Trending topic di Twitter bahkan ramai dengan berbagai tagar penolakan terhadap pilkada. Tagar #PilkadaBencanaSerentak, #PilkadaAtauPembunuhan, #TundaPilkadaSerentak, #PilkadaRasaCovid, #TundaPilkada, #TundaAtauTurun meramaikan trending topic sejak 13 September hingga 24 September.
Kemampuan penyelenggara pilkada menerapkan protokol kesehatan dipertanyakan terutama karena kampanye ternyata masih diperbolehkan dengan batasan jumlah orang. Selain kampanye, pencoblosan yang juga tatap muka juga dinilai sangat berpotensi menghadirkan klaster baru Covid-19. Warganet menilai, selama masih belum mampu menerapkan pilkada secara daring di masa pandemi sehingga akan lebih baik jika pilkada ditunda.
Tagar penolakan terlihat mendapatkan perlawanan. Tagar-tagar #PilkadaPatuhProkes, #PerketatProkesPilkada, #TaatProkesSaatPilkada, #TindakKerumunanPilkada, #TindakPawaiPilkada, #PilkadaTaatProkes, #PilkadaLanjutProtokolKetat, #MaklumatKapolriTaatProkes, #SukseskanPilkadaAmanCovid muncul, baik didorong oleh aparat Kepolisian, influencer dan buzzer pro penyelenggaraan pilkada, maupun publik.
Optimisme penyelenggaraan Pilkada 2020 dibangun. Aparat Kepolisian juga mengingatkan adanya kerawanan baru selama pilkada sehingga mengajak masyarakat untuk melapor jika ada pelanggaran terkait aturan penyelanggaraan pilkada di masa pandemi.
Kampanye daring
Pada akhirnya, pandemi memaksa penyelenggaraan pilkada mengoptimalkan penggunaan media daring terlebih di masa kampanye. Sejak Maret, aksi kampanye daring lewat media sosial dari bakal calon yang akan bertanding di Pilkada 2020 sebenarnya sudah mulai dilakukan. Peningkatan kasus Covid-19 kian memaksa para calon pemimpin daerah yang akan berlaga di Pilkada 2020 meraih hati konstituen lewat kampanye daring.
Kampanye daring membutuhkan setidaknya ketersediaan jaringan internet, serta kemampuan untuk tampil secara virtual di media massa ataupun hadir dalam bentuk teks, foto maupun siaran langsung dan rekaman di berbagai platform media sosial. Mekanisme kampanye daring dimaksudkan untuk mencegah pertemuan banyak orang yang biasanya terjadi setiap kampanye pilkada.
Sejak Maret 2020, kampanye daring sudah dimulai oleh para bakal calon yang akan berkompetisi di pilkada. Di tengah-tengah mewabahnya Covid-19, kampanye bakal calon kepala daerah yang akan berlaga di Pilkada 2020 sudah bertebaran di jagat twitter. Masing-masing berupaya mengenalkan dirinya serta merebut suara dengan melakukan komunikasi lewat media sosial.
Kampanye secara daring mengubah strategi pemenangan pilkada. Pola peningkatan elektabilitas kandidat dipaksa berubah. Selama ini, strategi kampanye konvensional dilakukan dengan pendekatan dunia nyata dan dunia maya, lapangan dan media, juru kampanye dan buzzer. Optimalisasi kampanye secara daring kian memaksa para kandidat bertatap muka secara daring dengan aplikasi tatap muka daring dan berbagai platform siaran langsung maupun rekaman yang dimiliki media sosial.

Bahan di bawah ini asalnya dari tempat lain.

(* Let $G$ be a non-elementary hyperbolic group and $M$ the maximum order of a finite subgroup of $G$. For every element $g\in G$ of infinite order, the commensurability class of $g$ contains at most $2M$ conjugacy classes of primitive elements.
   Context: Elements $g,h$ are commensurated if $k^{-1}g^mk=h^n$ for some $m,n\in\mathbb{Z}\setminus\{0\}$, $k\in G$. For $g$ of infinite order, $E^+_G(g)=\{h\mid h^{-1}g^mh=g^m\text{ for some }m\ne0\}$; $g$ is primitive if it has infinite order and $E^+_G(g)=\langle g\rangle F\cong\langle g\rangle\times F$ for some finite subgroup $F$. *)

From Stdlib Require Import ZArith List.
Import ListNotations.
Open Scope Z_scope.

Record Group := {
  carrier :> Type;
  gmul : carrier -> carrier -> carrier;
  gone : carrier;
  ginv : carrier -> carrier;
  gmulA : forall x y z, gmul x (gmul y z) = gmul (gmul x y) z;
  gmul1l : forall x, gmul gone x = x;
  gmulVl : forall x, gmul (ginv x) x = gone
}.

Section Defs.
Variable G : Group.
Local Notation "x * y" := (gmul G x y).
Local Notation "1" := (gone G).

Fixpoint npow (x : G) (n : nat) : G :=
  match n with O => 1 | S k => x * npow x k end.

Definition zpow (x : G) (z : Z) : G :=
  match z with
  | Z0 => 1
  | Zpos p => npow x (Pos.to_nat p)
  | Zneg p => ginv G (npow x (Pos.to_nat p))
  end.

Meski PKPU Nomor 13 Tahun 2020 telah mendorong calon untuk kampanye daring, ternyata masih dimungkinkan pertemuan terbatas dengan jumlah peserta 50 orang. Membuka peluang pertemuan tatap muka meski mengurangi maksimal jumlah peserta di saat pandemi menunjukkan ketidaksiapan mengupayakan pilkada yang aman dan sehat bagi warga. Seharusnya penyelenggaraan pilkada menghapus peluang lahirnya kerumunan jika menghendaki tidak ada korban akibat penularan Covid-19. Ketika keputusan kampanye virtual diberlakukan, maka semua harus beralih berkampanye lewat model daring tanpa membedakan lagi kondisi geografis dan sosiologis konstituen.
Keputusan tetap melaksanakan pilkada di tengah pandemi memaksa penyelenggara memberikan jaminan, bukan saja aman dari paksaan siapapun, namun juga aman dari ancaman Covid-19. Dilema antara pentingnya berpartisipasi di pilkada dan pentingnya menghindari potensi penularan Covid-19 pada akhirnya membuka wacana soal perlunya pemilihan secara daring di pemilu ataupun pilkada. Boleh jadi, untuk saat ini masih jauh wacana tersebut terealisasi. Namun, memaksimalkan kampanye daring di pilkada tahun ini bisa menjadi awal yang baik untuk menuju digitalisasi proses pemungutan suara di pemilu. Semoga!